C’est l’histoire d’un mec dont la conscience populaire retient d’abord son rôle de Coluche dans le film d’Antoine de Caunes, et son séjour chez les Raïka dans le cathodique Rendez-vous en terre inconnue. Mais, au-delà du truculent comédien, mélange de guignol et de clown triste, le grand public connait-il le récit de son parcours, celui d’une trajectoire de fiscaliste qui, bousculée par la chute des tours jumelles, le 11 septembre 2001, a fini sur les planches ? Sa rencontre avec Samuel Le Bihan sur la scène de ses débuts l’a conforté dans son projet fou. Scruter le rire plutôt que l'argent. Aujourd’hui, ce fils d’avocat, ex-chroniqueur de France Inter et parrain de plusieurs associations caritatives, déchaîne le public du théâtre Edouard VII, à Paris, dans un spectacle drôle et bien écrit : « Demaison s’évade ».

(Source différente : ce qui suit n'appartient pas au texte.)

(* The map $\Psi:\mathcal{FL}_{\mathrm{T}}\to\mathcal{D}^+_{\mathrm{T}}$, $[\mathcal{F}]\mapsto (t^{\mathcal{F}}_\ast,e^{\mathcal{F}}_\ast)$, is a homeomorphism. Moreover $\mathcal{D}^+_{\mathrm{T}}$ is homeomorphic to $\mathbb{R}^5_{>0}$ via $(t_\ast,e_\ast)\mapsto(e_{12},e_{13},e_{23},e_{14},e_{24})$; hence $\mathcal{FL}_{\mathrm{T}}\cong\mathbb{R}^5_{>0}$.
   Context: Flags in $\mathbb{RP}^3$ are pairs $(V,\eta)$, $\eta$ a plane through the point $V$; a tuple is non-degenerate if $\eta_i(V_j)=0\iff i=j$. A tetrahedron of flags is a non-degenerate ordered quadruple $(V_m,\eta_m)_{m=1}^4$ with the $V_m$ not coplanar such that some projective tetrahedron with vertices $V_1,\dots,V_4$ has interior disjoint from all $\eta_m$. $\mathcal{FL}_{\mathrm{T}}$ is the set of tetrahedra of flags modulo the diagonal action of $\mathrm{PGL}(4)$, with the quotient topology. $(\mathrm{E})\mathrm{F}$ is the set of edge-faces $\sigma=(ij)k$, identified with even permutations $[ijkl]$ of $\{1,2,3,4\}$; $\sigma_+=(ki)j$, $\sigma_-=(jk)i$, $\bar\sigma=(ji)l$, $\mathrm{op}\,\sigma=(lk)j$. Triple ratio $t_\sigma=\frac{\bar\eta_i(\bar V_j)\bar\eta_j(\bar V_k)\bar\eta_k(\bar V_i)}{\bar\eta_i(\bar V_k)\bar\eta_j(\bar V_i)\bar\eta_k(\bar V_j)}$, edge ratio $e_\sigma=e_{ij}=\frac{\bar\eta_i(\bar V_k)\bar\eta_j(\bar V_l)}{\bar\eta_i(\bar V_l)\bar\eta_j(\bar V_k)}$. $\mathcal{D}^+_{\mathrm{T}}$ is the set of pairs $(t_\ast,e_\ast)$ of functions $(\mathrm{E})\mathrm{F}\to\mathbb{R}_{>0}$ satisfying, for all $\sigma$: $t_\sigma=t_{\sigma_+}=t_{\sigma_-}$, $e_\sigma=e_{\bar\sigma}$, $t_\sigma e_\sigma e_{\sigma_+}e_{\sigma_-}=1$, and $t_\sigma=e_{\mathrm{op}\sigma}e_{\mathrm{op}(\sigma_+)}e_{\mathrm{op}(\sigma_-)}$; it carries the subspace topology of $\mathbb{R}^{24}$. *)

From Stdlib Require Import Reals Lra Lia Bool Arith.
Open Scope R_scope.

A l’instar de son personnage de voyant-masseur, il nous illumine de ses révélations. Quel est l’intérêt de vivre au Québec ? D’où vient le cri des indiens ? Pourquoi parle-t-on d’annales du bac ? Comment tromper sans se faire choper ? Puisant son inspiration dans les absurdités du monde et de l’imaginaire collectif, il donne vie à une galerie de portraits déjantés, du golfeur suffisant au cow-boy cocu, derrière lesquels se cache toujours une part de vérité qui finit en maxime. Comme une morale de La Fontaine. Avec Demaison, la provocation, voire la grossièreté, est l’aboutissement d’une virtuosité des mots. Incontestablement, ses tirades sont citations. La preuve qu’on peut rire de tout, et même de ce que l’on connait déjà. Mais pas n’importe comment, ni avec n’importe qui, comme disait Desproges. Du conte pour enfants au spectacle pour prisonniers, il sait se montrer élégant derrière la crudité.

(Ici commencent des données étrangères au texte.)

(* Let $(Q,P)$ be a weakly quasi-lattice ordered group and let $\Lambda$ be a finitely aligned $P$-graph. Then the collection of sets $Z(\mu\setminus K)=\{x\in\mathcal{F}(\Lambda):\mu\in x,\ x\cap K=\emptyset\}$, where $\mu\in\Lambda$ and $K\subseteq\mu\Lambda$ is finite, is a basis for the topology of $\mathcal{F}(\Lambda)$.
   Context: $(Q,P)$ weakly quasi-lattice ordered: $Q$ a discrete group, $P\subseteq Q$ a subsemigroup containing the identity $e$ with $P\cap P^{-1}=\{e\}$, and, with $p\le r$ meaning $pq=r$ for some $q\in P$, any two elements of $P$ with a common upper bound have a least common upper bound. A $P$-graph is a countable small category $\Lambda$ (range/source $r,s$) with a functor $d:\Lambda\to P$ with unique factorisation (if $d(\lambda)=pq$ there are unique $\mu,\nu$ with $\lambda=\mu\nu$, $d(\mu)=p$, $d(\nu)=q$). Write $\lambda\Lambda=\{\lambda\mu: s(\lambda)=r(\mu)\}$, $\mu\preceq\lambda$ iff $\lambda\in\mu\Lambda$. $\Lambda$ is finitely aligned if for all $\mu,\nu\in\Lambda$ there is a finite (possibly empty) $J\subseteq\Lambda$ with $\mu\Lambda\cap\nu\Lambda=\bigcup_{\kappa\in J}\kappa\Lambda$. A filter is a nonempty hereditary and directed subset of $\Lambda$ (w.r.t. $\preceq$); $\mathcal{F}(\Lambda)$ is the set of filters, with the subspace topology from $\mathcal{P}(\Lambda)\cong\{0,1\}^\Lambda$ carrying the product topology (basis $\{x: K_1\subseteq x\subseteq\Lambda\setminus K_2\}$, $K_1,K_2$ finite). *)

From Stdlib Require Import List.
Import ListNotations.
Set Implicit Arguments.

Record wqlo := WQLO {
  Q : Type;
  mul : Q -> Q -> Q;
  e : Q;
  inv : Q -> Q;
  mulA : forall a b c, mul a (mul b c) = mul (mul a b) c;
  mul1q : forall a, mul e a = a;
  mulq1 : forall a, mul a e = a;
  mulVq : forall a, mul (inv a) a = e;
  mulqV : forall a, mul a (inv a) = e;
  P : Q -> Prop;
  P_e : P e;
  P_mul : forall p q, P p -> P q -> P (mul p q);
  P_cap_Pinv : forall p, P p -> P (inv p) -> p = e;
  (* two elements of P with a common upper bound have a least common upper bound *)
  P_wqlo : forall p q, P p -> P q ->
    (exists r, P r /\ (exists a, P a /\ mul p a = r) /\ (exists b, P b /\ mul q b = r)) ->
    exists l, P l /\ (exists a, P a /\ mul p a = l) /\ (exists b, P b /\ mul q b = l) /\
      forall r, P r -> (exists a, P a /\ mul p a = r) -> (exists b, P b /\ mul q b = r) ->
        exists c, P c /\ mul l c = r
}.

Definition Ple (G : wqlo) (p r : Q G) : Prop := exists q, P G q /\ mul G p q = r.

(** Composition is a total function, only meaningful (and only
    constrained) on composable pairs (s λ = r μ), written comp λ μ = λμ. *)
Record Pgraph (G : wqlo) := PGraph {
  Obj : Type;
  Mor : Type;
  rng : Mor -> Obj;
  src : Mor -> Obj;
  idm : Obj -> Mor;
  comp : Mor -> Mor -> Mor;
  rng_id : forall v, rng (idm v) = v;
  src_id : forall v, src (idm v) = v;
  rng_comp : forall l m, src l = rng m -> rng (comp l m) = rng l;
  src_comp : forall l m, src l = rng m -> src (comp l m) = src m;
  comp_id_l : forall l, comp (idm (rng l)) l = l;
  comp_id_r : forall l, comp l (idm (src l)) = l;
  compA : forall l m n, src l = rng m -> src m = rng n ->
            comp l (comp m n) = comp (comp l m) n;
  Obj_countable : exists f : Obj -> nat, forall a b, f a = f b -> a = b;
  Mor_countable : exists f : Mor -> nat, forall a b, f a = f b -> a = b;
  deg : Mor -> Q G;
  deg_P : forall l, P G (deg l);
  deg_id : forall v, deg (idm v) = e G;
  deg_comp : forall l m, src l = rng m -> deg (comp l m) = mul G (deg l) (deg m);
  unique_fact : forall l p q, P G p -> P G q -> deg l = mul G p q ->
    exists m n, src m = rng n /\ l = comp m n /\ deg m = p /\ deg n = q /\
      forall m' n', src m' = rng n' -> l = comp m' n' -> deg m' = p -> deg n' = q ->
        m' = m /\ n' = n
}.

Section PgraphDefs.
Variable G : wqlo.
Variable L : Pgraph G.

Definition inpath (mu lam : Mor L) : Prop :=
  exists nu, src L mu = rng L nu /\ lam = comp L mu nu.

Definition prec (mu lam : Mor L) : Prop := inpath mu lam.

Definition finitely_aligned : Prop :=
  forall mu nu, exists J : list (Mor L),
    forall lam, (inpath mu lam /\ inpath nu lam) <-> exists k, In k J /\ inpath k lam.

(** subsets of Λ, i.e. elements of P(Λ) ≅ {0,1}^Λ *)
Definition subsetL := Mor L -> Prop.

Definition is_filter (x : subsetL) : Prop :=
  (exists l, x l) /\
  (forall l m, x l -> prec m l -> x m) /\
  (forall l m, x l -> x m -> exists n, x n /\ prec l n /\ prec m n).

(** basic open sets {x : K1 ⊆ x ⊆ Λ \ K2} of the product topology *)
Definition basic_open (K1 K2 : list (Mor L)) (x : subsetL) : Prop :=
  (forall k, In k K1 -> x k) /\ (forall k, In k K2 -> ~ x k).

Definition openP (U : subsetL -> Prop) : Prop :=
  forall x, U x -> exists K1 K2, basic_open K1 K2 x /\
    forall y, basic_open K1 K2 y -> U y.

Definition openF (V : subsetL -> Prop) : Prop :=
  exists U, openP U /\ forall x, V x <-> (is_filter x /\ U x).

Definition is_basisF (B : (subsetL -> Prop) -> Prop) : Prop :=
  (forall S, B S -> openF S) /\
  (forall V, openF V -> forall x, V x ->
     exists S, B S /\ S x /\ forall y, S y -> V y).

Definition Zset (mu : Mor L) (K : list (Mor L)) (x : subsetL) : Prop :=
  is_filter x /\ x mu /\ forall k, In k K -> ~ x k.

Definition Zcollection (S : subsetL -> Prop) : Prop :=
  exists mu K, (forall k, In k K -> inpath mu k) /\
    forall x, S x <-> Zset mu K x.

End PgraphDefs.

(* A basic neighbourhood {y : K1 ⊆ y, y ∩ K2 = ∅} of a filter x contains some Z(μ \ K)
   around x.  Being directed, x contains an upper bound μ of K1, and every filter containing μ
   contains K1.  For k ∈ K2, a filter containing μ and k contains a common extension of both,
   hence by finite alignment (μΛ ∩ kΛ = ⋃_{κ ∈ J} κΛ) one of the finitely many κ ∈ J ⊆ μΛ;
   so excluding J excludes k.  Being hereditary, x avoids J because it avoids k. *)

From Stdlib Require Import List.
Import ListNotations.

Section FiltersOfPgraph.
Context {G : wqlo} {L : Pgraph G}.

Local Notation prec := (@prec G L).
Local Notation inpath := (@inpath G L).

Lemma prec_refl (k : Mor L) : prec k k.
Proof. exists (idm L (src L k)). rewrite rng_id, comp_id_r. auto. Qed.

Lemma prec_trans {a b c : Mor L} : prec a b -> prec b c -> prec a c.
Proof.
  intros [n1 [H1 ->]] [n2 [H2 ->]].
  rewrite src_comp in H2 by exact H1.
  exists (comp L n1 n2). split.
  - rewrite rng_comp by exact H2. exact H1.
  - symmetry. apply compA; assumption.
Qed.

Lemma filter_hereditary {x : subsetL L} {l m : Mor L} :
  is_filter x -> x l -> prec m l -> x m.
Proof. intros [_ [Hher _]]. apply Hher. Qed.

Lemma filter_upper_bound {x : subsetL L} {K : list (Mor L)} :
  is_filter x -> (forall k, In k K -> x k) ->
  exists mu, x mu /\ forall k, In k K -> prec k mu.
Proof.
  intros Fx. destruct Fx as [[l Hl] [_ Hdir]].
  induction K as [|a K IH]; intros HK.
  - exists l. split; [exact Hl | intros k []].
  - destruct IH as [m [Hm Hbound]]; [intros k Hk; apply HK; now right |].
    destruct (Hdir m a Hm (HK a (or_introl eq_refl))) as [n [Hn [Hmn Han]]].
    exists n. split; [exact Hn |]. intros k [<- | Hk].
    + exact Han.
    + exact (prec_trans (Hbound k Hk) Hmn).
Qed.

Section CommonExtensions.
Context {mu k : Mor L} {J : list (Mor L)}.
Hypothesis HJ : forall lam,
  (inpath mu lam /\ inpath k lam) <-> exists c, In c J /\ inpath c lam.

Lemma common_extension_prec {c : Mor L} : In c J -> prec mu c /\ prec k c.
Proof. intros Hc. apply HJ. exists c. split; [exact Hc | apply prec_refl]. Qed.

Lemma filter_meets_common_extension {y : subsetL L} :
  is_filter y -> y mu -> y k -> exists c, In c J /\ y c.
Proof.
  intros Fy Hmu Hk. pose proof Fy as [_ [_ Hdir]].
  destruct (Hdir mu k Hmu Hk) as [n [Hn [Hmun Hkn]]].
  destruct (proj1 (HJ n) (conj Hmun Hkn)) as [c [Hc Hcn]].
  exists c. split; [exact Hc | exact (filter_hereditary Fy Hn Hcn)].
Qed.

End CommonExtensions.

Lemma Zset_basic_open (mu : Mor L) (K : list (Mor L)) (x : subsetL L) :
  Zset mu K x <-> is_filter x /\ basic_open [mu] K x.
Proof.
  unfold Zset, basic_open. split.
  - intros [Fx [Hmu HK]]. split; [exact Fx | split; [now intros m [<- | []] | exact HK]].
  - intros [Fx [Hmu HK]]. split; [exact Fx | split; [apply Hmu; now left | exact HK]].
Qed.

Lemma Zcollection_openF (S : subsetL L -> Prop) : Zcollection S -> openF S.
Proof.
  intros [mu [K [_ HS]]].
  exists (basic_open [mu] K). split.
  - intros x Hx. exists [mu], K. auto.
  - intros x. rewrite HS. apply Zset_basic_open.
Qed.

Lemma exclusion_by_extensions {x : subsetL L} (mu : Mor L) {k : Mor L} :
  finitely_aligned L -> is_filter x -> ~ x k ->
  exists J, (forall c, In c J -> inpath mu c /\ ~ x c) /\
    forall y, is_filter y -> y mu -> (forall c, In c J -> ~ y c) -> ~ y k.
Proof.
  intros FA Fx Hxk. destruct (FA mu k) as [J HJ].
  exists J. split.
  - intros c Hc. destruct (common_extension_prec HJ Hc) as [Hmuc Hkc].
    split; [exact Hmuc |]. intros Hxc. exact (Hxk (filter_hereditary Fx Hxc Hkc)).
  - intros y Fy Hymu Hy Hyk.
    destruct (filter_meets_common_extension HJ Fy Hymu Hyk) as [c [Hc Hyc]].
    exact (Hy c Hc Hyc).
Qed.

Lemma exclusions_by_extensions {x : subsetL L} (mu : Mor L) {K2 : list (Mor L)} :
  finitely_aligned L -> is_filter x -> (forall k, In k K2 -> ~ x k) ->
  exists K, (forall c, In c K -> inpath mu c /\ ~ x c) /\
    forall y, is_filter y -> y mu -> (forall c, In c K -> ~ y c) ->
      forall k, In k K2 -> ~ y k.
Proof.
  intros FA Fx. induction K2 as [|a K2 IH]; intros HK2.
  - exists []. split; [intros c [] | intros y _ _ _ k []].
  - destruct IH as [K [HKx HKy]]; [intros k Hk; apply HK2; now right |].
    destruct (exclusion_by_extensions mu FA Fx (HK2 a (or_introl eq_refl)))
      as [J [HJx HJy]].
    exists (J ++ K). split.
    + intros c Hc. apply in_app_or in Hc as [Hc | Hc]; auto.
    + intros y Fy Hymu Hy k [<- | Hk].
      * apply (HJy y Fy Hymu). intros c Hc. apply Hy, in_or_app. now left.
      * apply (HKy y Fy Hymu); [| exact Hk]. intros c Hc. apply Hy, in_or_app. now right.
Qed.

Lemma Zcollection_refines_openF {V : subsetL L -> Prop} {x : subsetL L} :
  finitely_aligned L -> openF V -> V x ->
  exists S, Zcollection S /\ S x /\ forall y, S y -> V y.
Proof.
  intros FA [U [HU HV]] Hx.
  destruct (proj1 (HV x) Hx) as [Fx Ux].
  destruct (HU x Ux) as [K1 [K2 [[HK1 HK2] HUopen]]].
  destruct (filter_upper_bound Fx HK1) as [mu [Hmu Hbound]].
  destruct (exclusions_by_extensions mu FA Fx HK2) as [K [HKx HKy]].
  exists (Zset mu K). split; [| split].
  - exists mu, K. split; [intros c Hc; apply HKx, Hc | tauto].
  - split; [exact Fx | split; [exact Hmu | intros c Hc; apply HKx, Hc]].
  - intros y [Fy [Hymu Hy]]. apply HV. split; [exact Fy |].
    apply HUopen. split.
    + intros k Hk. exact (filter_hereditary Fy Hymu (Hbound k Hk)).
    + exact (HKy y Fy Hymu Hy).
Qed.

End FiltersOfPgraph.

Theorem lemma6p2 (G : wqlo) (L : Pgraph G) :
  finitely_aligned L -> is_basisF (@Zcollection G L).
Proof.
  intros FA. split.
  - apply Zcollection_openF.
  - intros V HV x Hx. exact (Zcollection_refines_openF FA HV Hx).
Qed.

Pendant une heure d’évasion, l’humoriste est à la fois acteur et décor, truqueur et bruiteur, imitateur et danseur, chanteur et mime. Un homme-orchestre à lui tout seul, relevé par quelques effets de lumière et de musique bien choisis. Face à lui, un public conquis, jamais exclu de ses sketches. Tendrement séduit par ce nouveau Père Castor qui sait raconter les histoires horribles comme personne. Et ce n’est pas Bitou qui dira le contraire.